▸ WHAT IS NEEDED:
In the entries that follow, the line with "match t with" opens the range and the line with "potential Phi k" closes it; repeat that range exactly, both lines included.

▸ DATA FOR REVIEW:
□ □ □ □ □ □ □
(* Let $(X,d)$ be a compact doubling metric space with $\operatorname{diam}(X,d)=1/2$, and let $\mathcal S$ be a hyperbolic filling of $(X,d)$ with vertical and horizontal parameters $a,\lambda$ satisfying $a\ge\lambda\ge6$. Let $\rho:\mathcal S\to(0,1)$ be a weight function satisfying the hypotheses (H1), (H2), (H3) and (H4), the latter with exponent $p>0$. Then there exists a metric $\Theta_\rho\in\mathcal J_p(X,d)$ such that $\dim_{\mathrm A}(X,\Theta_\rho)\le p$.
   Context: Hyperbolic filling: $(X,d)$ compact with $\operatorname{diam}=1/2$, $a,\lambda>1$. Fix an increasing sequence $X_0\subset X_1\subset\cdots$, each $X_n$ a maximal $a^{-n}$-separated subset of $X$ (so $X_0=\{x_0\}$). Let $\mathcal S_n=\{(x,n):x\in X_n\}$, $\mathcal S=\bigcup_n\mathcal S_n$, $\pi_1(x,n)=x$, $\pi_2(x,n)=n$, $v_0=(x_0,0)$, $B_v=B(\pi_1(v),a^{-\pi_2(v)})$. Each $(x,n)$, $n\ge1$, has a fixed parent $(y,n-1)$ with $d(x,y)=\min_{z\in X_{n-1}}d(x,z)$ (and is a child of it); descendants are obtained by iterating the child relation, $\mathcal D_n(v)$ is the set of descendants of $v$ in $\mathcal S_n$. The genealogy $g(v)$ of $v\in\mathcal S_k$ is $(v_0,\dots,v_k=v)$ with $v_i$ the parent of $v_{i+1}$. The graph $(\mathcal S,D_2)$ has edges between each vertex and its parent, and horizontal edges between distinct $(x,n),(y,n)$ with $B(x,\lambda a^{-n})\cap B(y,\lambda a^{-n})\neq\emptyset$; $D_2$ is its graph distance. A path is a finite sequence of vertices, consecutive ones joined by an edge. Weights: for $\rho:\mathcal S\to(0,\infty)$ let $\pi(v)=\prod_{w\in g(v)}\rho(w)$ and, for a path $\gamma$, $L_\rho(\gamma)=\sum_{v\in\gamma}\pi(v)$. For distinct $x,y\in X$ let $\tilde n$ be the largest integer such that $\{x,y\}\subset B(\tilde z,2a^{-\tilde n})$ for some $(\tilde z,\tilde n)\in\mathcal S$, let $c(x,y)=\{(\tilde z,\tilde n)\in\mathcal S:\{x,y\}\subset B(\tilde z,2a^{-\tilde n})\}$ and $\pi(c(x,y))=\max_{w\in c(x,y)}\pi(w)$. $\Gamma_n(x,y)$ is the set of paths $(v_1,\dots,v_k)$ in $(\mathcal S,D_2)$ with $\pi_2(v_1)=\pi_2(v_k)=n$, $x\in B_{v_1}$, $y\in B_{v_k}$. Hypotheses: (H1) there are $0<\eta_-\le\eta_+<1$ with $\eta_-\le\rho\le\eta_+$ on $\mathcal S$. (H2) there is $K_0\ge1$ with $\pi(v)\le K_0\pi(w)$ whenever $v,w$ share a horizontal edge. (H3) there is $K_1\ge1$ such that for all distinct $x,y\in X$ there is $n_0\ge1$ with $L_\rho(\gamma)\ge K_1^{-1}\pi(c(x,y))$ for all $n\ge n_0$ and $\gamma\in\Gamma_n(x,y)$. (H4) there is $p>0$ with $\sum_{w\in\mathcal D_n(v)}\pi(w)^p\le\pi(v)^p$ for all $v\in\mathcal S_m$, $n>m$. $(X,d)$ is doubling if there is $N$ such that every ball of radius $r$ is covered by $N$ balls of radius $r/2$. Assouad dimension: $\dim_{\mathrm A}(X,\theta)=\inf\{\beta>0:\exists C,\ N_r(B(x,R))\le C(R/r)^\beta\ \forall x,\,0<r<R\}$, $N_r$ the minimal number of $r$-balls in a cover. $\mathcal J_p(X,d)$ is the set of metrics $\theta$ on $X$ such that $\theta(x,a)/\theta(x,b)\le\eta(d(x,a)/d(x,b))$ for all $x,a,b$, $x\ne b$, with $\eta(t)=C(t^\alpha\vee t^{1/\alpha})$ for some $C,\alpha\ge1$. *)

From Stdlib Require Import Reals List.
From Stdlib Require Import ClassicalEpsilon.
From Coquelicot Require Import Rbar Lub.
Import ListNotations.
Open Scope R_scope.
(* Let $n\ge2$, $m\ge1$, $\lambda_0\ne0$, $\lambda_1>0$, $\lambda_2\ge0$, $\omega\in\mathbb{R}$, let $f=\frac1n\sum_{i=1}^n r_i(\cdot;\lambda_0,\lambda_1,\lambda_2,m,\omega)$, and assume $f$ attains its minimum $f^*$ on $\mathbb{R}^m$. Consider a PIFO algorithm with initial point $x_0=0$ and sampling probabilities satisfying $p_1\le p_2\le\dots\le p_n$, run on the components $f_i=r_i(\cdot;\lambda_0,\lambda_1,\lambda_2,m,\omega)$. Let $\varepsilon>0$ and let $M\ge1$ be an integer such that $\min_{x\in\mathcal{F}_M}f(x)-f^*\ge9\varepsilon$, and set $N=n(M+1)/4$. Then $\mathbb{E} f(x_t)-f^*\ge\varepsilon$ for every integer $0\le t\le N$.
   Context: For $\omega\in\mathbb{R}$, $B(m,\omega)\in\mathbb{R}^{m\times m}$ is the matrix whose row $l$, for $1\le l\le m-1$, has entry $-1$ in column $m-l$ and entry $1$ in column $m-l+1$, and whose row $m$ is $\omega e_1^\top$; $b_l(m,\omega)^\top$ is its $l$-th row. $\mathcal{L}_i=\{l:1\le l\le m,\ l\equiv i-1\pmod n\}$. $r_1(x)=\lambda_1\sum_{l\in\mathcal{L}_1}(b_l(m,\omega)^\top x)^2+\lambda_2\|x\|_2^2-\lambda_0\langle e_m,x\rangle$ and $r_i(x)=\lambda_1\sum_{l\in\mathcal{L}_i}(b_l(m,\omega)^\top x)^2+\lambda_2\|x\|_2^2$ for $i\ge2$, $x\in\mathbb{R}^m$. $\mathcal{F}_0=\{0\}$, $\mathcal{F}_k=\mathrm{span}\{e_m,\dots,e_{m-k+1}\}$ for $1\le k\le m$. For $\gamma>0$, $\mathrm{prox}^{\gamma}_g(x)=\arg\min_u\{g(u)+\frac{1}{2\gamma}\|x-u\|_2^2\}$. PIFO algorithm: a probability vector $(p_1,\dots,p_n)$, initial point $x_0$, parameters $\gamma_t>0$; indices $i_1,i_2,\dots$ drawn independently with $\mathbb{P}(i_t=j)=p_j$; iterates $x_t\in\mathrm{span}\{x_0,\dots,x_{t-1},\nabla f_{i_1}(x_0),\dots,\nabla f_{i_t}(x_{t-1}),\mathrm{prox}^{\gamma_1}_{f_{i_1}}(x_0),\dots,\mathrm{prox}^{\gamma_t}_{f_{i_t}}(x_{t-1})\}$ for $t\ge1$. *)

From Stdlib Require Import Reals Lra Lia List Arith Bool.
Import ListNotations.
Open Scope R_scope.

(* Vectors of R^m are functions nat -> R, using coordinates 1..m
   (values at other indices are irrelevant). *)
Definition vec := nat -> R.

Definition zero_vec : vec := fun _ => 0.

Fixpoint sumR (n : nat) (F : nat -> R) : R :=
  match n with
  | O => 0
  | S k => sumR k F + F k
  end.

Definition sum1 (n : nat) (F : nat -> R) : R := sumR n (fun k => F (S k)).

Definition norm2 (m : nat) (x : vec) : R := sum1 m (fun c => x c ^ 2).

Definition vsub (x y : vec) : vec := fun c => x c - y c.

(* Entry (l, c) of B(m, omega), 1-based. *)
Definition Bentry (m : nat) (omega : R) (l c : nat) : R :=
  if andb (1 <=? l)%nat (l <=? m - 1)%nat then
    (if (c =? m - l)%nat then -1 else if (c =? m - l + 1)%nat then 1 else 0)
  else if (l =? m)%nat then (if (c =? 1)%nat then omega else 0)
  else 0.

Definition bdot (m : nat) (omega : R) (l : nat) (x : vec) : R :=
  sum1 m (fun c => Bentry m omega l c * x c).

Definition inL (n i l : nat) : bool := (l mod n =? (i - 1) mod n)%nat.

Definition r_comp (n m : nat) (l0 l1 l2 omega : R) (i : nat) (x : vec) : R :=
  l1 * sum1 m (fun l => if inL n i l then (bdot m omega l x) ^ 2 else 0)
  + l2 * norm2 m x
  - (if (i =? 1)%nat then l0 * x m else 0).

Definition f_avg (n m : nat) (l0 l1 l2 omega : R) (x : vec) : R :=
  / INR n * sum1 n (fun i => r_comp n m l0 l1 l2 omega i x).

(* F_k = span{e_m, ..., e_{m-k+1}}: coordinates c <= m-k vanish. *)
Definition in_F (m k : nat) (x : vec) : Prop :=
  forall c, (1 <= c)%nat -> (c <= m - k)%nat -> x c = 0.

Definition is_grad (m : nat) (g : vec -> R) (x v : vec) : Prop :=
  forall c, (1 <= c <= m)%nat ->
    derivable_pt_lim (fun h => g (fun d => if (d =? c)%nat then x d + h else x d)) 0 (v c).

Definition is_prox (m : nat) (g : vec -> R) (gamma : R) (x u : vec) : Prop :=
  forall v, g u + norm2 m (vsub x u) / (2 * gamma)
            <= g v + norm2 m (vsub x v) / (2 * gamma).

Definition in_span (m : nat) (vs : list vec) (x : vec) : Prop :=
  exists coef : nat -> R, forall c, (1 <= c <= m)%nat ->
    x c = sumR (length vs) (fun k => coef k * nth k vs zero_vec c).

(* An algorithm is given by X : list nat -> vec, where X [i_1; ...; i_t] = x_t.
   PIFO span condition along every index sequence with entries in 1..n. *)
Definition valid_seq (n : nat) (s : list nat) : Prop :=
  forall j, In j s -> (1 <= j <= n)%nat.

Definition PIFO (n m : nat) (comp : nat -> vec -> R) (gamma : nat -> R)
    (X : list nat -> vec) : Prop :=
  forall s : list nat, valid_seq n s -> (1 <= length s)%nat ->
    let t := length s in
    exists gs us : nat -> vec,
      (forall k, (k < t)%nat ->
         is_grad m (comp (nth k s O)) (X (firstn k s)) (gs k) /\
         is_prox m (comp (nth k s O)) (gamma (S k)) (X (firstn k s)) (us k)) /\
      in_span m (map (fun k => X (firstn k s)) (seq 0 t)
                 ++ map gs (seq 0 t) ++ map us (seq 0 t)) (X s).

(* E[F(i_1,...,i_t)] for i.i.d. indices with P(i = j) = p j, j in 1..n *)
Fixpoint expectation (n : nat) (p : nat -> R) (t : nat) (F : list nat -> R) : R :=
  match t with
  | O => F []
  | S t' => sum1 n (fun j => p j * expectation n p t' (fun s => F (j :: s)))
  end.

From Stdlib Require Import Reals Lra Lia List Arith Bool.
Import ListNotations.
Open Scope R_scope.

(* Truncating the coordinates 1..j of a vector can only
   decrease r_i, unless row m-j of B(m, omega), the one coupling x_j with
   x_(j+1), belongs to L_i.  For such a component, gradients and proximal
   points at a point vanishing on 1..j again vanish on 1..j ("zero-respecting"
   functions).  Hence along an index sequence s the iterate X s lies in
   F_(level s), where the level grows by one exactly when the sampled index is
   i = level mod n + 1.

   With q_k = p_(k mod n + 1) and w_k = 1/(q_k + 1/n), the
   potential Phi k = w_0 + ... + w_(k-1) satisfies E[Phi (level after t steps)]
   <= t, because q_k w_k <= 1; and Phi k >= k n / 2, because p is nondecreasing.
   Markov's inequality gives P(level >= M+1) <= 1/2 for t <= n(M+1)/4, and on
   the complementary event f(x_t) - f* >= 9 eps. *)

Lemma sumR_ext n F G : (forall k, (k < n)%nat -> F k = G k) -> sumR n F = sumR n G.
Proof.
  induction n as [|n IH]; intros H; simpl; [reflexivity|].
  rewrite IH, H by (lia || (intros; apply H; lia)); reflexivity.
Qed.

Lemma sumR_le n F G : (forall k, (k < n)%nat -> F k <= G k) -> sumR n F <= sumR n G.
Proof.
  induction n as [|n IH]; intros H; simpl; [lra|].
  pose proof (IH (fun k Hk => H k ltac:(lia))). pose proof (H n ltac:(lia)). lra.
Qed.

Lemma sumR_plus n F G : sumR n (fun k => F k + G k) = sumR n F + sumR n G.
Proof. induction n as [|n IH]; simpl; [lra|]. rewrite IH. lra. Qed.

Lemma sumR_scal n c F : sumR n (fun k => c * F k) = c * sumR n F.
Proof. induction n as [|n IH]; simpl; [lra|]. rewrite IH. lra. Qed.

Lemma sumR_const n c : sumR n (fun _ => c) = INR n * c.
Proof. induction n as [|n IH]; simpl sumR; [simpl; lra|]. rewrite IH, S_INR. lra. Qed.

Lemma sumR_add a b F : sumR (a + b) F = sumR a F + sumR b (fun j => F (a + j)%nat).
Proof.
  induction b as [|b IH]; simpl; [rewrite Nat.add_0_r; lra|].
  rewrite Nat.add_succ_r; simpl. rewrite IH. lra.
Qed.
□ □ □ □ □ □ □
▸ SOLVED PROBLEM:
  match t with
  | O => F []
  | S t' => sum1 n (fun j => p j * expectation n p t' (fun s => F (j :: s)))
  end.

From Stdlib Require Import Reals Lra Lia List Arith Bool.
Import ListNotations.
Open Scope R_scope.

(* Truncating the coordinates 1..j of a vector can only
   decrease r_i, unless row m-j of B(m, omega), the one coupling x_j with
   x_(j+1), belongs to L_i.  For such a component, gradients and proximal
   points at a point vanishing on 1..j again vanish on 1..j ("zero-respecting"
   functions).  Hence along an index sequence s the iterate X s lies in
   F_(level s), where the level grows by one exactly when the sampled index is
   i = level mod n + 1.

   With q_k = p_(k mod n + 1) and w_k = 1/(q_k + 1/n), the
   potential Phi k = w_0 + ... + w_(k-1) satisfies E[Phi (level after t steps)]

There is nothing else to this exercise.